Here you go: [root@host-01 ~]# matchpathcon /var/run/glusterd.socket /var/run/glusterd.socket system_u:object_r:glusterd_var_run_t:s0 There are currently no staged updates for that release.
Use: #restorecon -v /var/run/glusterd.socket to fix it. Please, let me know if this happen again. Thank you.
It was a clean installation! Why should I need to use restorecon on a clean installation!?
Also: The context did not change: [root@host-01 ~]# matchpathcon /var/run/glusterd.socket /var/run/glusterd.socket system_u:object_r:glusterd_var_run_t:s0 [root@host-01 ~]# restorecon -v /var/run/glusterd.socket [root@host-01 ~]# matchpathcon /var/run/glusterd.socket /var/run/glusterd.socket system_u:object_r:glusterd_var_run_t:s0 It does not make sense to run restorecon!

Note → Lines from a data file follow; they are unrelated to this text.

Lemma big_arcsGkT (T0 : Type) (idx : T0) (op : Monoid.com_law idx) k
    (S : {set tarcG I}) (S' : {set tarcN I}) (F : tarcN I -> T0) :
  {in arcsGkT k, forall e, (e \in S) = (proj_arc e \in S')} ->
  \big[op/idx]_(e in S :&: arcsGkT k) F (proj_arc e) =
  \big[op/idx]_(a in S' :&: arcsDkT I k) F a.
Proof.
move=> S_S'; have -> : S' :&: arcsDkT I k = proj_arc @: (S :&: arcsGkT k).
  apply/setP=> a; rewrite arcsDkT_proj; apply/setIP/imsetP => [[aS' /imsetP[e eG ae]]|].
    by exists e => //; rewrite in_setI eG andbT S_S' // -ae.
  by case=> e /setIP[eS eG] ->; rewrite -S_S' // imset_f.
rewrite big_imset // => e e' /setIP[_ eG] /setIP[_ e'G]; exact: (proj_arc_inj eG e'G).
Qed.

Definition lift_flow (x : {ffun K * tarcN I -> bool}) : {ffun K * tarcG I -> bool} :=
  [ffun ke => (ke.2 \in arcsGkT ke.1) && x (ke.1, proj_arc ke.2)].

Definition proj_flow (x : {ffun K * tarcG I -> bool}) : {ffun K * tarcN I -> bool} :=
  [ffun ka => (ka.2 \in arcsDkT I ka.1) && x (ka.1, lift_arc ka.1 ka.2)].

Definition supported_DkT (x : {ffun K * tarcN I -> bool}) : Prop :=
  forall k a, a \notin arcsDkT I k -> x (k, a) = false.

Lemma proj_flow_supported x : supported_DkT (proj_flow x).
Proof. by move=> k a aD; rewrite ffunE (negbTE aD). Qed.

Lemma lift_flowK x : supported_DkT x -> proj_flow (lift_flow x) = x.
Proof.
move=> sx; apply/ffunP=> -[k a]; rewrite !ffunE /=.
case aD: (a \in arcsDkT I k); last by rewrite (sx k a) ?aD.
by rewrite lift_arcsDkT // lift_arcK.
Qed.

Lemma proj_flowK (x : {ffun K * tarcG I -> bool}) :
  (forall k e, e \notin arcsGkT k -> x (k, e) = false) ->
  lift_flow (proj_flow x) = x.
Proof.
move=> sx; apply/ffunP=> -[k e]; rewrite !ffunE /=.
case eG: (e \in arcsGkT k); last by rewrite (sx k e) ?eG.
by rewrite proj_arcsGkT // proj_arcK.
Qed.
Lemma continuous_coord (A : choiceType) (Y : topologicalType) (x : A) :
  continuous (fun y : {ptws A -> R} * Y => y.1 x).
Proof.
move=> y; apply: (@continuous_comp _ _ _ fst (fun f : {ptws A -> R} => f x)).
  exact: cvg_fst.
exact: (@proj_continuous A (fun _ => R) x).
Qed.

Lemma ptws_continuous (Y : topologicalType) (B : choiceType) (g : Y -> {ptws B -> R}) :
  (forall z, continuous (fun y => g y z)) -> continuous g.
Proof.
move=> gz y.
pose coord i := Topological.class (initial_topology (fun f : B -> R => f i)).
apply/(@cvg_sup (B -> R) B coord) => i O /=.
rewrite (@nbhsE (initial_topology (fun f : B -> R => f i))) => -[C [[D oD <-] Cy] CO].
have : nbhs y [set x | D (g x i)] := gz i y D (open_nbhs_nbhs (conj oD Cy)).
by apply: filterS => x Dx; apply: CO.
Qed.

Lemma open_tube (X Y : topologicalType) (K : set Y) (O : set (X * Y)) :
  compact K -> open O -> open [set x | forall y, K y -> O (x, y)].
Proof.
move=> cK oO; rewrite openE => x0 Ox0.
apply: (proj1 (compact_near_coveringP K) cK X (nbhs x0) (fun x y => O (x, y))) => y Ky.
have : nbhs (x0, y) O by move: oO; rewrite openE => /(_ _ (Ox0 _ Ky)).
case=> [[Q1 Q2] [/= Q1x0 Q2y] QO].
by exists (Q2, Q1) => // -[y' x'] [/= ? ?]; exact: (QO (x', y')).
Qed.

Section RealizationContinuity.
Variables (A B : choiceType) (P : set A) (le : A -> A -> Prop).
Variables (P' : set B) (le' : B -> B -> Prop).

(* [realization_point] states nonnegativity with Stdlib's [Rle]. *)
Lemma realization_point_ge0 t : realization_point P le t -> forall x, 0 <= t x.
Proof. by case=> t0 *; apply/RleP. Qed.

Lemma finite_supp_realization (p : realization P le) : finite_set (supp (set_val p)).
Proof. by case: (set_valP p). Qed.

Lemma realization_continuous (f : realization P le -> realization P' le') :
  (forall F : set A, finite_set F -> exists F' : set B,
     exists g : {ptws A -> R} -> {ptws B -> R},
     [/\ finite_set F', continuous g & forall p, supp (set_val p) `<=` F ->
         supp (set_val (f p)) `<=` F' /\ set_val (f p) = g (set_val p)]) ->
  continuous f.
Proof.
move=> hf; apply/continuousP => O oO; rewrite realization_openE => F finF.
have [F' [g [finF' cg hg]]] := hf F finF.
have [V [oV hV]] := oO F' finF'.
exists (g @^-1` V); split; first by move/continuousP: cg; apply.
by move=> p sp; have [sF' fp] := hg p sp; rewrite /= -fp; exact: hV.
Qed.

(* The product topology on [realization P le * unit_interval] is not the weak
   topology of its finite subcomplexes; compactness of [0, 1] bridges the two. *)
Definition weakly_open (O : set (realization P le * unit_interval)) :=
  forall F : set A, finite_set F -> exists Om : set ({ptws A -> R} * R), open Om /\
    forall p s, supp (set_val p) `<=` F -> (O (p, s) <-> Om (set_val p, set_val s)).
Lemma hockey_stick b n :
  (\sum_(i < n.+1) 'C(n - i + b, b) = 'C(n + b.+1, b.+1))%N.
Proof.
elim: n => [|n IH]; first by rewrite big_ord1 sub0n add0n !binn.
rewrite big_ord_recl subn0 (eq_bigr (fun i : 'I_n.+1 => 'C(n - i + b, b))) //.
by rewrite IH -addSnnS binS addnC addSn addnS.
Qed.

Section SeriesCoefficients.
Variable K : numFieldType.

Lemma big_ord_widen_zero (F : nat -> K) l n : (l <= n)%N ->
  (forall k, (l < k)%N -> F k = 0) ->
  \sum_(k < l.+1) F k = \sum_(k < n.+1) F k.
Proof.
move=> hl F0; rewrite (big_ord_widen n.+1 F) ?ltnS // big_mkcond.
by apply: eq_bigr => i _; case: ifP => // /negbT; rewrite -leqNgt => /F0.
Qed.

Lemma sexp_sgeom b n : sexp (sgeom K) b.+1 n = 'C(n + b, b)%:R.
Proof.
elim: b n => [|b IH] n; first by rewrite sexpS smulC smul1 bin0.
rewrite sexpS /smul (eq_bigr (fun i : 'I_n.+1 => 'C(n - i + b, b)%:R)).
  by rewrite -natr_sum hockey_stick addnS.
by move=> i _; rewrite IH mul1r.
Qed.

Lemma smul_s1mX_sgeom : smul (s1mX K) (sgeom K) = sone K.
Proof.
rewrite /s1mX smulBl smul1; apply: functional_extensionality => n.
rewrite -/(sdelta K 1) smul_sdelta /sgeom /sone.
by case: n => [|n] //=; rewrite ?subr0 ?subrr.
Qed.

Lemma smul_sexp_s1mX_sgeom s :
  smul (sexp (s1mX K) s) (sexp (sgeom K) s) = sone K.
Proof. by rewrite -sexpM smul_s1mX_sgeom sexp1. Qed.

ls -lZ /var/run/glusterd.socket
Lukas, it should be fixed with latest builds. commit 05c8c9f7cfc2f035ea5ab679c81b380f459ca31b Author: Miroslav Grepl <mgrepl> Date: Wed Jan 28 08:40:05 2015 +0100 Allow gluster rpm scriplet create glusterd socket with correct labeling. This is a workaround until we get fix in glusterd. commit cac96f6937c30842dbb36c5de19a657172d120dd Author: Miroslav Grepl <mgrepl> Date: Wed Jan 28 08:36:09 2015 +0100 Add glusterd_filetrans_named_pid() interface.
Thank you Miroslav. Fabian could you try it with this build? http://koji.fedoraproject.org/koji/buildinfo?buildID=608635 Thank you.
selinux-policy-3.13.1-105.9.fc21 has been submitted as an update for Fedora 21. https://admin.fedoraproject.org/updates/selinux-policy-3.13.1-105.9.fc21
Package selinux-policy-3.13.1-105.9.fc21: * should fix your issue, * was pushed to the Fedora 21 testing repository, * should be available at your local mirror within two days. Update it with: # su -c 'yum update --enablerepo=updates-testing selinux-policy-3.13.1-105.9.fc21' as soon as you are able to. Please go to the following url: https://admin.fedoraproject.org/updates/FEDORA-2015-4492/selinux-policy-3.13.1-105.9.fc21 then log in and leave karma (feedback).
selinux-policy-3.13.1-105.9.fc21 has been pushed to the Fedora 21 stable repository. If problems still persist, please make note of it in this bug report.